Da freue ich mich aber mit Dir das Du kleine Molchis in Deinem Teich hast   . Du Kannst sie ja mal fotografieren wenn sie aufs Foto passen  
Hab auch 3 Molche im Teich aber noch kein Nachwuchs gesehen .
Bei mir sind viele kleine Fischbabys zu sehen  


Lg 
axel


----------



## Thundergirl (11. Juli 2008)

*AW: Molchnachwuchs*

Hallo Elke!

Ich kann deine Freude total verstehen. Habe am letzten Wochenende auch feststellen können, dass sich meine Teichmolche vermehrt haben. Meine sind zur zeit ca. 4-5 cm groß. Sie haben aber noch ihre Außenkiemen, die bei den erwachsenen Tieren nachher nicht mehr vorhanden sind. Meine verstecken sich in den Wurzeln der Wasserhyazinthe. Dort sind sie relativ sicher.
Habe Hoffnung, dass sich meine Kammmolche auch vermehrt haben. Babys ware allerdings noch keine zu finden.

Viele Grüße aus Grabow

P.S. Sobald ich ein Foto habe, werde ich es mal präsentieren!


----------



## elkop (11. Juli 2008)

*AW: Molchnachwuchs*

muss die kleinchen noch ein bisschen wachsen lassen, dann werde ich sie fotografieren. dann habe ich zu meiner freude heute eine blasenschnecke entdeckt, wie sie durch den teich geeilt ist. hab an den blätter meiner damals neuen seerose irgendwelche gelege gefunden und entfernt, vielleicht hat ein ei überlebt und daraus ist die schnecke entstanden, wer weiß. jedenfalls freue ich mich über sie.
lieb grüßt euch alle
elke


----------



## Winni62 (11. Juli 2008)

*AW: Molchnachwuchs*

Hallo zusammen,
Bin neu hier im Forum, und habe eure Beiträge zu den Molchen gelesen. Da ich __ Molche aus meiner Jugendzeit kenne, ( wir haben sie als Kinder im Teich vom Stadtpark gefangen, ist bereits über 35 Jahre her) wollte ich euch einfach mal fragen;
Sind die Molche von alleine in eure Teiche gekommen oder wurden sie von euch eingesetzt?
Können Sie mit Goldfischen und __ Graskarpfen zusammen in einem Teich leben?

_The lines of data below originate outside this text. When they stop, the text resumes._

Lemma exists_pos_lower_bound (R : realDomainType) (n : nat) (G : nat -> R) :
  (forall l, (l < n)%N -> 0 < G l) ->
  exists2 mu, 0 < mu & forall l, (l < n)%N -> mu <= G l.
Proof.
elim: n => [|n IH] G_gt0; first by exists 1.
have [mu mu_gt0 le_mu] := IH (fun l lt_ln => G_gt0 l (ltnW lt_ln)).
exists (Num.min mu (G n)); first by rewrite lt_min mu_gt0 G_gt0.
move=> l; rewrite ltnS leq_eqVlt => /predU1P[->|lt_ln].
  by rewrite ge_min lexx orbT.
by rewrite ge_min le_mu.
Qed.

Section ProductSupports.
Variables (R : realType) (T1 T2 : choiceType).

Lemma finsupp_row (F : T1 * T2 -> R) x : finsupp F -> finsupp (fun y => F (x, y)).
Proof.
move=> fF; apply: (sub_finite_set (B := snd @` [set p | F p != 0])).
  by move=> y Fxy; exists (x, y).
exact: finite_image.
Qed.

Lemma finsupp_col (F : T1 * T2 -> R) y : finsupp F -> finsupp (fun x => F (x, y)).
Proof.
move=> fF; apply: (sub_finite_set (B := fst @` [set p | F p != 0])).
  by move=> x Fxy; exists (x, y).
exact: finite_image.
Qed.

Lemma indicator_pair (x u : T1) (y v : T2) :
  (((x, y) == (u, v))%:R : R) = (x == u)%:R * (y == v)%:R.
Proof. by rewrite xpair_eqE -mulnb natrM. Qed.

Lemma fsumT_indicator_row x (u : T1) (v : T2) :
  \sum_(y \in [set: T2]) (((x, y) == (u, v))%:R : R) = (x == u)%:R.
Proof.
by under eq_fsbigr do rewrite indicator_pair mulrC; rewrite fsumT_indicator.
Qed.

Lemma fsumT_indicator_col y (u : T1) (v : T2) :
  \sum_(x \in [set: T1]) (((x, y) == (u, v))%:R : R) = (y == v)%:R.
Proof.
by under eq_fsbigr do rewrite indicator_pair; rewrite fsumT_indicator.
Qed.

End ProductSupports.

Section CycleExchange.
Variables (R : realType) (V : choiceType) (k : nat) (a b : nat -> V).

Definition cycle_exchange (p : V * V) : R :=
  \sum_(l < k) ((p == (a l.+1, b l))%:R - (p == (a l, b l))%:R).

Lemma finsupp_cycle_exchange : finsupp cycle_exchange.
Proof. by apply: finsupp_sum => l; apply: finsuppB; exact: finsupp_indicator. Qed.

Lemma fsum_cycle_exchange (F : V * V -> R) :
  \sum_(p \in [set: V * V]) F p * cycle_exchange p =
  \sum_(l < k) (F (a l.+1, b l) - F (a l, b l)).
Proof.
under eq_fsbigr do rewrite mulr_sumr.
rewrite fsumT_sum => [|l]; last first.
  by apply: finsuppMl; apply: finsuppB; exact: finsupp_indicator.
apply: eq_bigr => l _; under eq_fsbigr do rewrite mulrBr ![F _ * _]mulrC.
by rewrite fsumTB ?fsumT_indicator //; exact/finsuppMr/finsupp_indicator.
Qed.

Lemma cycle_exchange_row x : a k = a 0 ->
  \sum_(y \in [set: V]) cycle_exchange (x, y) = 0.
Proof.
move=> closed; rewrite /cycle_exchange fsumT_sum => [|l]; last first.
  by apply: finsuppB; exact: (finsupp_row x (finsupp_indicator _ _)).
transitivity (\sum_(l < k) ((x == a l.+1)%:R - (x == a l)%:R : R)).
  apply: eq_bigr => l _; rewrite fsumTB; try exact: (finsupp_row x (finsupp_indicator _ _)).
  by rewrite !fsumT_indicator_row.
rewrite -(big_mkord xpredT (fun l => (x == a l.+1)%:R - (x == a l)%:R)).
by rewrite telescope_sumr // closed subrr.
Qed.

Ich würde mich über Molche in meinem Teich sehr freuen, vielleicht könnt Ihr mir ja in dem Punkt etwas weiterhelfen.

Schönen Dank 

Winni


----------



## elkop (11. Juli 2008)

*AW: Molchnachwuchs*

hallo winni,

meine __ molche sind von alleine zugezogen, wie übrigens alles getier in meinem teich, mit ausnahme einer __ sumpfdeckelschnecke. und dieser erste molch, den ich heuer im frühjahr in der ehemaligen wasserstelle der kräuterspirale entdeckt habe, hat mich schließlich zu einer hingebungsvollen teichfreundin werden lassen. 

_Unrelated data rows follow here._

(* Let $(V,g)$ be a Euclidean vector space of dimension $n\ge3$, $N=\frac{(n-1)(n+2)}{2}$. (1) If $1\le\alpha_1\le\alpha_2<N$ and $\theta>-1$, then $\mathcal{C}(\alpha_1,\theta)\subset\mathcal{C}(\alpha_2,\theta)$. (2) If $\alpha\in[1,N)$ and $-1<\theta_1\le\theta_2$, then $\mathcal{C}(\alpha,\theta_1)\subset\mathcal{C}(\alpha,\theta_2)$.
   Context: $S^2_0(V)$ is the space of traceless symmetric two-tensors on $V$ (dimension $N$). For a symmetric operator on $S^2_0(V)$ with eigenvalues $\lambda_1\le\cdots\le\lambda_N$ and average $\bar\lambda$, write $\lambda_1+\cdots+\lambda_\alpha:=\lambda_1+\cdots+\lambda_{[\alpha]}+(\alpha-[\alpha])\lambda_{[\alpha]+1}$; $\mathcal{C}(\alpha,\theta)$ is the cone of symmetric operators on $S^2_0(V)$ with $\alpha^{-1}(\lambda_1+\cdots+\lambda_\alpha)\ge-\theta\bar\lambda$. (In the paper these cones are considered for operators $\mathring{R}$ induced by algebraic curvature tensors.) *)

From HB Require Import structures.
From mathcomp Require Import all_boot all_order all_algebra.
From mathcomp Require Import all_classical all_reals.
Set Implicit Arguments. Unset Strict Implicit. Unset Printing Implicit Defensive.
Import Order.TTheory GRing.Theory Num.Theory.
Local Open Scope ring_scope.

(* N = (n-1)(n+2)/2 = dim S^2_0(V) for dim V = n. *)
Definition dimS20 (n : nat) : nat := ((n.-1 * (n + 2))./2)%N.

Definition sorted_eigenvalues (R : realType) (N : nat) (A : 'M[R]_N)
    (lam : seq R) : Prop :=
  [/\ size lam = N, sorted <=%R lam &
      exists P : 'M[R]_N, P *m P^T = 1%:M /\
        A = P^T *m diag_mx (\row_(i < N) lam`_i) *m P].

(* lambda_1 + ... + lambda_alpha := lambda_1 + ... + lambda_[alpha]
   + (alpha - [alpha]) lambda_{[alpha]+1}   (1-based in the paper,
   0-based indices here). *)
Definition frac_partial_sum (R : realType) (lam : seq R) (alpha : R) : R :=
  let k := Num.truncn alpha in
  \sum_(i < k) lam`_i + (alpha - k%:R) * lam`_k.

Definition mean_eig (R : realType) (lam : seq R) : R :=
  (\sum_(x <- lam) x) / (size lam)%:R.

(* The cone C(alpha, theta) of symmetric operators on S^2_0(V), written in an
   orthonormal basis of S^2_0(V) (so symmetric operators = symmetric matrices). *)
Definition cone (R : realType) (N : nat) (alpha theta : R) (A : 'M[R]_N)
    : Prop :=
  A^T = A /\
  exists lam : seq R, sorted_eigenvalues A lam /\
    alpha^-1 * frac_partial_sum lam alpha >= - theta * mean_eig lam.

From HB Require Import structures.
From mathcomp Require Import all_boot all_order all_algebra.
From mathcomp Require Import all_classical all_reals.
From mathcomp Require Import lra.
Import Order.TTheory GRing.Theory Num.Theory.
Local Open Scope ring_scope.

(* For sorted eigenvalues, the fractional average
   alpha^-1 (lambda_1 + ... + lambda_alpha) is nondecreasing in alpha:
   increasing alpha only adds eigenvalues that are at least lambda_{[alpha]+1},
   which itself dominates the current average.  At alpha = N this average is
   the mean, so the condition defining C(alpha, theta) gets weaker as alpha
   grows; it also forces (1 + theta) mean >= 0, hence mean >= 0 when
   theta > -1, and then it gets weaker as theta grows. *)

Definition frac_partial_mean {R : realType} (lam : seq R) (alpha : R) : R :=
  alpha^-1 * frac_partial_sum lam alpha.

Section SortedEigenvalues.

Context {R : realType} {lam : seq R}.
Hypothesis lam_sorted : sorted <=%R lam.

Lemma sorted_ler_nth {i j : nat} :
  (i <= j)%N -> (j < size lam)%N -> lam`_i <= lam`_j.
Proof.
move=> le_ij lt_j; apply: (sorted_leq_nth le_trans lexx 0 lam_sorted) => //.
by rewrite inE (leq_ltn_trans le_ij).
Qed.

Lemma sum_prefix_ge {k1 k2 : nat} : (k1 <= k2)%N -> (k2 <= size lam)%N ->
  \sum_(i < k1) lam`_i + (k2 - k1)%:R * lam`_k1 <= \sum_(i < k2) lam`_i.
Proof.
move=> le_k12 le_k2.
rewrite -!(big_mkord xpredT (fun i => lam`_i)) (big_cat_nat (leq0n k1) le_k12) /=.
rewrite lerD2l mulr_natl -sumr_const_nat.
apply: ler_sum_nat => i /andP[le_k1i lt_ik2]; apply: sorted_ler_nth => //.
exact: leq_trans lt_ik2 le_k2.
Qed.

Lemma frac_partial_sum_le {a : R} : 0 <= a -> (Num.truncn a < size lam)%N ->
  frac_partial_sum lam a <= a * lam`_(Num.truncn a).
Proof.
move=> a_ge0 lt_k; rewrite /frac_partial_sum.
have ka : (Num.truncn a)%:R <= a by rewrite truncn_le.
have : \sum_(i < Num.truncn a) lam`_i <= (Num.truncn a)%:R * lam`_(Num.truncn a).
  rewrite -[in X in X * _](card_ord (Num.truncn a)) mulr_natl -sumr_const.
  by apply: ler_sum => i _; apply: sorted_ler_nth (ltnW (ltn_ord i)) lt_k.
lra.
Qed.

Lemma frac_partial_sum_increment {a1 a2 : R} :
  0 <= a1 -> a1 <= a2 -> a2 <= (size lam)%:R ->
  (Num.truncn a1 < size lam)%N ->
  frac_partial_sum lam a1 + (a2 - a1) * lam`_(Num.truncn a1)
    <= frac_partial_sum lam a2.
Proof.
move=> a1_ge0 le_a12 le_a2 lt_k1; rewrite /frac_partial_sum.
set k1 := Num.truncn a1; set k2 := Num.truncn a2.
have k1a : k1%:R <= a1 by rewrite truncn_le.
have k2a : k2%:R <= a2 by rewrite truncn_le (le_trans a1_ge0).
have le_k12 : (k1 <= k2)%N by apply: le_truncn.
have le_k2 : (k2 <= size lam)%N by rewrite truncn_le_nat (le_lt_trans le_a2) ?ltr_nat.
have prefix := sum_prefix_ge le_k12 le_k2; rewrite natrB // in prefix.
have tail : (a2 - k2%:R) * lam`_k1 <= (a2 - k2%:R) * lam`_k2.
  have [eq_k2|ne_k2] := eqVneq k2 (size lam).
    suff -> : a2 = k2%:R by rewrite subrr !mul0r.
    by apply/le_anti; rewrite k2a eq_k2 le_a2.
  by rewrite ler_wpM2l ?subr_ge0 // sorted_ler_nth // ltn_neqAle ne_k2.
lra.
Qed.

Lemma frac_partial_mean_mono (a1 a2 : R) :
  0 < a1 -> a1 <= a2 -> a2 <= (size lam)%:R ->
  frac_partial_mean lam a1 <= frac_partial_mean lam a2.
Proof.
move=> a1_gt0 le_a12 le_a2.
have [eq_a12|ne_a12] := eqVneq a1 a2; first by rewrite eq_a12.
have lt_k1 : (Num.truncn a1 < size lam)%N.
  by rewrite truncn_lt_nat ?ltW // (lt_le_trans _ le_a2) // lt_neqAle ne_a12.
have a2_gt0 : 0 < a2 by apply: lt_le_trans le_a12.
have inc := frac_partial_sum_increment (ltW a1_gt0) le_a12 le_a2 lt_k1.
have top := frac_partial_sum_le (ltW a1_gt0) lt_k1.
rewrite /frac_partial_mean ler_pdivrMl // mulrCA ler_pdivlMl //.
nra.
Qed.

End SortedEigenvalues.

Lemma frac_partial_mean_size (R : realType) (lam : seq R) :
  frac_partial_mean lam (size lam)%:R = mean_eig lam.
Proof.
rewrite /frac_partial_mean /frac_partial_sum /mean_eig natrK subrr mul0r addr0.
by rewrite (big_nth 0) big_mkord mulrC.
Qed.

Lemma cone_weaken (R : realType) (N : nat) (a1 t1 a2 t2 : R) (A : 'M[R]_N) :
  (forall lam : seq R, size lam = N -> sorted <=%R lam ->
     - t1 * mean_eig lam <= frac_partial_mean lam a1 ->
     - t2 * mean_eig lam <= frac_partial_mean lam a2) ->
  cone a1 t1 A -> cone a2 t2 A.
Proof.
move=> weaken [symA [lam [[size_lam sorted_lam diagA] cond]]].
split=> //; exists lam; split; first by split.
exact: weaken.
Qed.

Theorem proposition2p8 (R : realType) (n : nat) (hn : (3 <= n)%N) :
  (forall (a1 a2 theta : R), 1 <= a1 -> a1 <= a2 -> a2 < (dimS20 n)%:R ->
     -1 < theta ->
     forall A : 'M[R]_(dimS20 n), cone a1 theta A -> cone a2 theta A) /\
  (forall (a t1 t2 : R), 1 <= a -> a < (dimS20 n)%:R ->
     -1 < t1 -> t1 <= t2 ->
     forall A : 'M[R]_(dimS20 n), cone a t1 A -> cone a t2 A).
Proof.
split.
  move=> a1 a2 theta ge1_a1 le_a12 lt_a2 _ A; apply: cone_weaken.
  move=> lam size_lam sorted_lam cond; apply: le_trans cond _.
  apply: (frac_partial_mean_mono sorted_lam) le_a12 _.
  - exact: lt_le_trans ltr01 ge1_a1.
  - by rewrite size_lam ltW.
move=> a t1 t2 ge1_a lt_a gt_t1 le_t12 A; apply: cone_weaken.
move=> lam size_lam sorted_lam cond.
have le_mean : frac_partial_mean lam a <= mean_eig lam.
  rewrite -frac_partial_mean_size; apply: (frac_partial_mean_mono sorted_lam).
  - exact: lt_le_trans ltr01 ge1_a.
  - by rewrite size_lam ltW.
  - exact: lexx.
have mean_ge0 : 0 <= mean_eig lam by nra.
apply: le_trans cond; rewrite !mulNr lerN2; exact: ler_wpM2r.
Qed.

die frage, ob molche mit fischen zusammenpassen, können fachleute besser beantworten als ich, aber ich denke, fische würden den molchlaich oder die larven als delikatesse ansehen und vertilgen.

liebe grüße
elke


----------



## elkop (18. Juli 2008)

*AW: Molchnachwuchs*

so, liebe freunde,
nun ist mein molchnachwuchs fotografierbar, ich habe das größte exemplar abgelichtet, viele kleinere und ganz kleine flitzen im teich herum.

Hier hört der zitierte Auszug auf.